Inutile de connaître la course, la vallée ou de savoir ou est le Nord. L’été tu peux voir des cailloux connus ou que tu crois connaître mais l’hiver, sur son manteau blanc et immobile, tu es presque… mort…

Il y a une dizaine d’année, je me suis fait prendre par le brouillard sur le glacier de Cheillon, seul, sans GPS ni boussole. Lors de la première minute, tu penses pouvoir t’en sortir en visant la chaîne de montagne qui a disparu de ta vision mais après 5 à 10 minutes, le baromètre de ta vie c’est cassé la figure de moitié ! et après 15 minutes, tu es d’accord avec ton baromètre !

Aujourd’hui j’aime ce moment intense ou le brouillard s’insinue dans ma vie de l’hiver. En une seconde ma concentration se multiplie infiniment jusqu’à la totale plénitude. La solitude n’est plus factice, elle devient réelle et intense. L’instant présent devient impératif et t’enlève toutes autres pensées inutiles et moribondes.  Il n’y a que lors d’atterrissage en delta par conditions extrêmes que je retrouve cette situation si intense que tu en oublie le monde qui t’entoure. 

 

Grâce aux applications comme White Risk et au GPS, le brouillard devient ami et confident. Je lui parle gentiment pour lui montrer que j’ai de l’affection pour lui. Il faudra faire attention aux falaises qui t’entourent, aux crevasses qui se fondent dans le blanc de l’environnement mais sauf si la tempête devient hurlante et le froid mordant, tes chances de survie sont réelles et donnent à ta vie cette petite dose d’adrénaline qui remonte ta colonne vertébrale et qui inonde tes sens.

Ce dimanche, dans ce magnifique haut Val ferret en direction de la pointe de Combette, c’était Noël avant l’heure. Même si j’ai dû tracer 1000 m sur 1200 j’ai pu constater une fois de plus que la montagne pardonne.  Je crois que c’était Messmer qui disait que la montagne n’était pas belle mais dangereuse… OUI presque d’accord avec lui mais j’ai tellement vu de miracle en montagne qu’elles devraient toutes s’appeler « Lourdes »

 

4 Britishs qui me dépassent comme des boulets de canon, casqués comme Ben-Hur sur son char et me disent qu’ils vont faire le Grand Golliat avec un sourire de champion du monde de freeride gonflés à l'hélium.
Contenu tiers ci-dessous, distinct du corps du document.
(* Let $\{\alpha_{n,m}\in k^\times:n\in\mathbb{Z},m\in\mathbb{N}\}$ be a family of nonzero scalars and let $\phi:H\to H$ be the linear map with $\phi(x^ny^m)=\alpha_{n,m}x^ny^m$ for all $n\in\mathbb{Z}$, $m\in\mathbb{N}$. Then $\phi$ is a coalgebra automorphism of $H$ if and only if $\alpha_{n,m}=\alpha_{n,i}\alpha_{n+i,m-i}$ for all $n\in\mathbb{Z}$, $m\in\mathbb{N}$ and $0\leq i\leq m$.
   Context: Let $k$ be a field and $0\neq q\in k$ not a root of unity. $H=k_q[x,x^{-1},y]$ is the $k$-algebra generated by $x,x^{-1},y$ with $xx^{-1}=x^{-1}x=1$, $yx=qxy$, a Hopf algebra with $\Delta(x)=x\otimes x$, $\Delta(x^{-1})=x^{-1}\otimes x^{-1}$, $\Delta(y)=y\otimes x+1\otimes y$, $\varepsilon(x)=1$, $\varepsilon(y)=0$; $\{x^ny^m:n\in\mathbb{Z},m\in\mathbb{N}\}$ is a $k$-basis, and $\Delta(x^ny^m)=\sum_{i=0}^m\binom{m}{i}_qx^ny^i\otimes x^{n+i}y^{m-i}$ with $q$-binomial coefficients $\binom{m}{i}_q$. *)

From HB Require Import structures.
From mathcomp Require Import all_boot all_order all_algebra.
From mathcomp Require Import finmap.
Set Implicit Arguments. Unset Strict Implicit. Unset Printing Implicit Defensive.
Import Order.TTheory GRing.Theory Num.Theory.
Local Open Scope ring_scope.


Fixpoint qbinom (k : nzRingType) (q : k) (m i : nat) : k :=
  match m, i with
  | _, 0%N => 1
  | 0%N, _.+1 => 0
  | m'.+1, i'.+1 => qbinom q m' i' + q ^+ i'.+1 * qbinom q m' i'.+1
  end.

(* The underlying vector space of H = k_q[x, x^-1, y]: an element is the
   finitely supported family of its coordinates in the basis
   x^n y^m, indexed by (n, m) : int * nat. *)
Definition Hsp (k : fieldType) := {fsfun (int * nat) -> k with 0}.

Definition Hbas (k : fieldType) (p : int * nat) : Hsp k :=
  [fsfun x in [fset p]%fset => (1 : k)].

(* Elements of H (x) H as formal finite sums  sum c * a (x) b ;
   interpreted by their coordinates on the basis x^n y^m (x) x^n' y^m'. *)
Definition Htens (k : fieldType) := seq (k * Hsp k * Hsp k).

Definition tcoord (k : fieldType) (t : Htens k) (pq : (int * nat) * (int * nat)) : k :=
  \sum_(u <- t) u.1.1 * u.1.2 pq.1 * u.2 pq.2.

Definition teq (k : fieldType) (t t' : Htens k) : Prop :=
  forall pq, tcoord t pq = tcoord t' pq.

Definition tmap (k : fieldType) (f g : Hsp k -> Hsp k) (t : Htens k) : Htens k :=
  [seq (u.1.1, f u.1.2, g u.2) | u <- t].

(* comultiplication, extended linearly from
   Delta(x^n y^m) = sum_(i=0..m) [m choose i]_q x^n y^i (x) x^(n+i) y^(m-i) *)
Definition Hcomul (k : fieldType) (q : k) (h : Hsp k) : Htens k :=
  [seq (h r.1 * qbinom q r.1.2 r.2, Hbas k (r.1.1, r.2),
        Hbas k (r.1.1 + r.2%:Z, (r.1.2 - r.2)%N))
  | r <- [seq (r, i) | r <- finsupp h, i <- iota 0 r.2.+1]].

Definition Hcounit (k : fieldType) (h : Hsp k) : k :=
  \sum_(r <- finsupp h) h r * (r.2 == 0%N)%:R.

Definition coalg_map (k : fieldType) (q : k) (f : Hsp k -> Hsp k) : Prop :=
  (forall h, teq (Hcomul q (f h)) (tmap f f (Hcomul q h))) /\
  (forall h, Hcounit (f h) = Hcounit h).

Definition coalg_aut (k : fieldType) (q : k) (f : Hsp k -> Hsp k) : Prop :=
  bijective f /\ coalg_map q f.

Definition diagmap (k : fieldType) (alpha : int -> nat -> k) (h : Hsp k) : Hsp k :=
  [fsfun p in finsupp h => alpha p.1 p.2 * h p].

From HB Require Import structures.
From mathcomp Require Import all_boot all_order all_algebra.
From mathcomp Require Import finmap.
From mathcomp Require Import ring zify.
Import Order.TTheory GRing.Theory Num.Theory.
Local Open Scope ring_scope.

(* Comparing the coefficients of x^n y^i (x) x^(n+i) y^(m-i) in
   Delta(phi(x^n y^m)) and (phi (x) phi)(Delta(x^n y^m)) gives
   alpha(n,m) [m,i]_q = alpha(n,i) alpha(n+i,m-i) [m,i]_q, and these are all
   the coordinates on which the two tensors can differ.  Since q is not a root
   of unity, [m,i]_q (1-q)...(1-q^i) = (1-q^m)...(1-q^(m-i+1)) is nonzero, so
   the comultiplicativity of phi is exactly the cocycle identity.  The case
   m = i = 0 of the identity gives alpha(n,0) = 1, i.e. phi preserves the
   counit, and phi is invertible with inverse the diagonal map of the
   alpha(n,m)^-1. *)

Lemma qbinom_mul_prod {R : comNzRingType} (q : R) (m i : nat) :
  qbinom q m i * \prod_(j < i) (1 - q ^+ j.+1) =
  \prod_(j < i) (1 - q ^+ (m - j)).
Proof.
elim: m i => [|m IHm] [|i] /=; rewrite ?big_ord0 ?mulr1 //.
  by rewrite mul0r big_ord_recl subnn expr0 subrr mul0r.
rewrite big_ord_recr /= big_ord_recl /=.
under [X in _ = _ * X]eq_bigr => j _ do rewrite /bump /= add1n subSS.
rewrite subn0 mulrDl mulrA IHm -(mulrA (q ^+ i.+1)).
have := IHm i.+1; rewrite big_ord_recr /= => ->.
rewrite big_ord_recr /=.
have [le_im|lt_mi] := leqP i m.
  have -> : q ^+ m.+1 = q ^+ i.+1 * q ^+ (m - i).
    by rewrite -exprD; congr (_ ^+ _); lia.
  ring.
have -> : \prod_(j < i) (1 - q ^+ (m - j)) = 0.
  by rewrite (bigD1 (Ordinal lt_mi)) //= subnn expr0 subrr mul0r.
ring.
Qed.

Lemma qbinom_neq0 {R : idomainType} (q : R) (m i : nat) :
  (forall n : nat, (0 < n)%N -> q ^+ n != 1) -> (i <= m)%N -> qbinom q m i != 0.
Proof.
move=> q_not_root le_im; apply/eqP => qbinom0.
have /esym/eqP := qbinom_mul_prod q m i; rewrite qbinom0 mul0r.
rewrite prodf_seq_eq0 => /hasP[j _ /=]; rewrite subr_eq0 eq_sym.
by apply/negP/q_not_root; have := ltn_ord j; lia.
Qed.

Lemma big_uniq_pred1 (R : nmodType) (T : eqType) (s : seq T) (x0 : T) (F : T -> R) :
  uniq s -> (forall x, x != x0 -> F x = 0) ->
  \sum_(x <- s) F x = if x0 \in s then F x0 else 0.
Proof.
move=> uniq_s F0; case: ifP => s_x0.
  by rewrite (bigD1_seq x0) //= big1 ?addr0 // => x /F0.
by rewrite big1_seq // => x /andP[_ s_x]; apply/F0; apply: contraFneq s_x0 => <-.
Qed.

Section DiagonalMap.
Variable k : fieldType.
Implicit Types (h : Hsp k) (alpha : int -> nat -> k).

Lemma HbasE (p p' : int * nat) : Hbas k p p' = (p' == p)%:R.
Proof. by rewrite /Hbas fsfunE inE; case: eqP. Qed.

Lemma diagmapE alpha h p : diagmap alpha h p = alpha p.1 p.2 * h p.
Proof.
rewrite /diagmap fsfunE; case: ifP => // /negbT.
by rewrite memNfinsupp => /eqP ->; rewrite mulr0.
Qed.

Lemma tcoord_tmap_diagmap alpha (t : Htens k) p p' :
  tcoord (tmap (diagmap alpha) (diagmap alpha) t) (p, p') =
  alpha p.1 p.2 * alpha p'.1 p'.2 * tcoord t (p, p').
Proof.
rewrite /tcoord /tmap big_map big_distrr; apply: eq_bigr => u _ /=.
rewrite !diagmapE; ring.
Qed.

Lemma sum_Hbas_tensorE (c : nat -> k) (r : int * nat) a i b j :
  \sum_(i' <- iota 0 r.2.+1)
     c i' * Hbas k (r.1, i') (a, i) * Hbas k (r.1 + i'%:Z, (r.2 - i')%N) (b, j) =
  (r == (a, (i + j)%N))%:R * (b == a + i%:Z)%:R * c i.
Proof.
case: r => n m; rewrite (@big_uniq_pred1 _ _ _ i _ (iota_uniq _ _)) => [|i' ne_i'i]; last first.
  by rewrite !HbasE xpair_eqE (eq_sym i) (negbTE ne_i'i) andbF mulr0 mul0r.
rewrite mem_iota /= !HbasE !xpair_eqE eqxx andbT (eq_sym n).
case: (a =P n) => [->|_]; last by rewrite /= !mulr0 !mul0r; case: ifP.
rewrite /= add0n ltnS; have [le_im|lt_mi] := leqP i m.
  have -> : (j == m - i)%N = (m == i + j)%N by apply/eqP/eqP; lia.
  by case: (b == _); case: (m == _); rewrite ?mulr0 ?mul0r ?mulr1 ?mul1r.
by case: (m =P (i + j)%N) => [?|_]; [lia|rewrite !mul0r].
Qed.

Lemma tcoord_Hcomul (q : k) h a i b j :
  tcoord (Hcomul q h) ((a, i), (b, j)) =
  (b == a + i%:Z)%:R * h (a, (i + j)%N) * qbinom q (i + j) i.
Proof.
rewrite /tcoord /Hcomul big_map big_allpairs_dep /=.
under eq_bigr => r _ do rewrite sum_Hbas_tensorE.
rewrite (@big_uniq_pred1 _ _ _ (a, (i + j)%N) _ (fset_uniq _)) => [|r /negbTE->]; last first.
  by rewrite !mul0r.
rewrite eqxx mul1r mulrA; case: ifP => // /negbT.
by rewrite memNfinsupp => /eqP->; rewrite mulr0 mul0r.
Qed.

Section Cocycle.
Variable alpha : int -> nat -> k.
Hypothesis alpha_neq0 : forall n m, alpha n m != 0.

Lemma diagmap_bij : bijective (diagmap alpha).
Proof.
exists (diagmap (fun n m => (alpha n m)^-1)) => h; apply/fsfunP => p;
  by rewrite !diagmapE mulrA ?mulVf ?mulfV ?mul1r.
Qed.

Lemma finsupp_diagmap h : finsupp (diagmap alpha h) = finsupp h.
Proof.
by apply/fsetP => p; rewrite !mem_finsupp diagmapE mulf_eq0 negb_or alpha_neq0.
Qed.

Lemma Hcounit_diagmap h :
  (forall n, alpha n 0%N = 1) -> Hcounit (diagmap alpha h) = Hcounit h.
Proof.
move=> alpha_n0; rewrite /Hcounit finsupp_diagmap.
by apply: eq_bigr => -[n [|m]] _; rewrite diagmapE ?alpha_n0 ?mul1r // !mulr0.
Qed.

Lemma Hcomul_diagmap (q : k) h :
  (forall n m i, (i <= m)%N -> alpha n m = alpha n i * alpha (n + i%:Z) (m - i)%N) ->
  teq (Hcomul q (diagmap alpha h)) (tmap (diagmap alpha) (diagmap alpha) (Hcomul q h)).
Proof.
move=> alpha_mul [[a i] [b j]]; rewrite tcoord_tmap_diagmap !tcoord_Hcomul diagmapE /=.
have [->|_] := eqVneq b (a + i%:Z); last by rewrite !mul0r mulr0.
by rewrite (alpha_mul a (i + j)%N i) ?leq_addr // addKn; ring.
Qed.

Lemma diagmap_mul_of_Hcomul (q : k) :
  (forall n : nat, (0 < n)%N -> q ^+ n != 1) ->
  (forall h, teq (Hcomul q (diagmap alpha h))
                 (tmap (diagmap alpha) (diagmap alpha) (Hcomul q h))) ->
  forall n m i, (i <= m)%N -> alpha n m = alpha n i * alpha (n + i%:Z) (m - i)%N.
Proof.
move=> q_not_root comul_diagmap n m i le_im.
have := comul_diagmap (Hbas k (n, m)) ((n, i), (n + i%:Z, (m - i)%N)).
rewrite tcoord_tmap_diagmap !tcoord_Hcomul subnKC // diagmapE !HbasE !eqxx /=.
rewrite !mulr1 !mul1r => /mulIf; apply; exact: qbinom_neq0.
Qed.

End Cocycle.
End DiagonalMap.

Theorem lemma2p11 (k : fieldType) (q : k) (hq0 : q != 0)
  (hq : forall n : nat, (0 < n)%N -> q ^+ n != 1)
  (alpha : int -> nat -> k) (halpha : forall n m, alpha n m != 0) :
  coalg_aut q (diagmap alpha) <->
  (forall (n : int) (m i : nat), (i <= m)%N ->
     alpha n m = alpha n i * alpha (n + i%:Z) (m - i)%N).
Proof.
split=> [[_ [comul_diagmap _]]|alpha_mul].
  exact: diagmap_mul_of_Hcomul hq comul_diagmap.
have alpha_n0 n : alpha n 0%N = 1.
  apply: (mulfI (halpha n 0%N)); rewrite mulr1.
  by have := alpha_mul n 0%N 0%N (leqnn 0); rewrite addr0 subnn.
split; first exact: diagmap_bij.
by split=> h; [apply: Hcomul_diagmap | apply: Hcounit_diagmap].
Qed.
Me voilà dubitatif… Il y a déjà plusieurs minutes que de grands Vraoums m’entourent de failles impromptues. J’avais déjà renoncé dans ma tête à descendre le couloir Nord du Grand Six Blanc à cause de ces cassures qui ressemblent pas mal à des champs de mines entre Kiev et Moscou.

En principe je me la coince mais je n’ai pas put retenir mon sourcil de partir aux fraises !  Les spécialistes du chiken pie et de la sauce à l’orange sur rosbeaf me firent un grand smile et partirent  d’un pas shakespeare-rien rejoindre l’oracle de leur saison. Le premier descend traverser le ruisseau qui coupe sa route décidée et là… grand méchant, je me retiens franchement de lui dire que ce n’est pas une bonne idée !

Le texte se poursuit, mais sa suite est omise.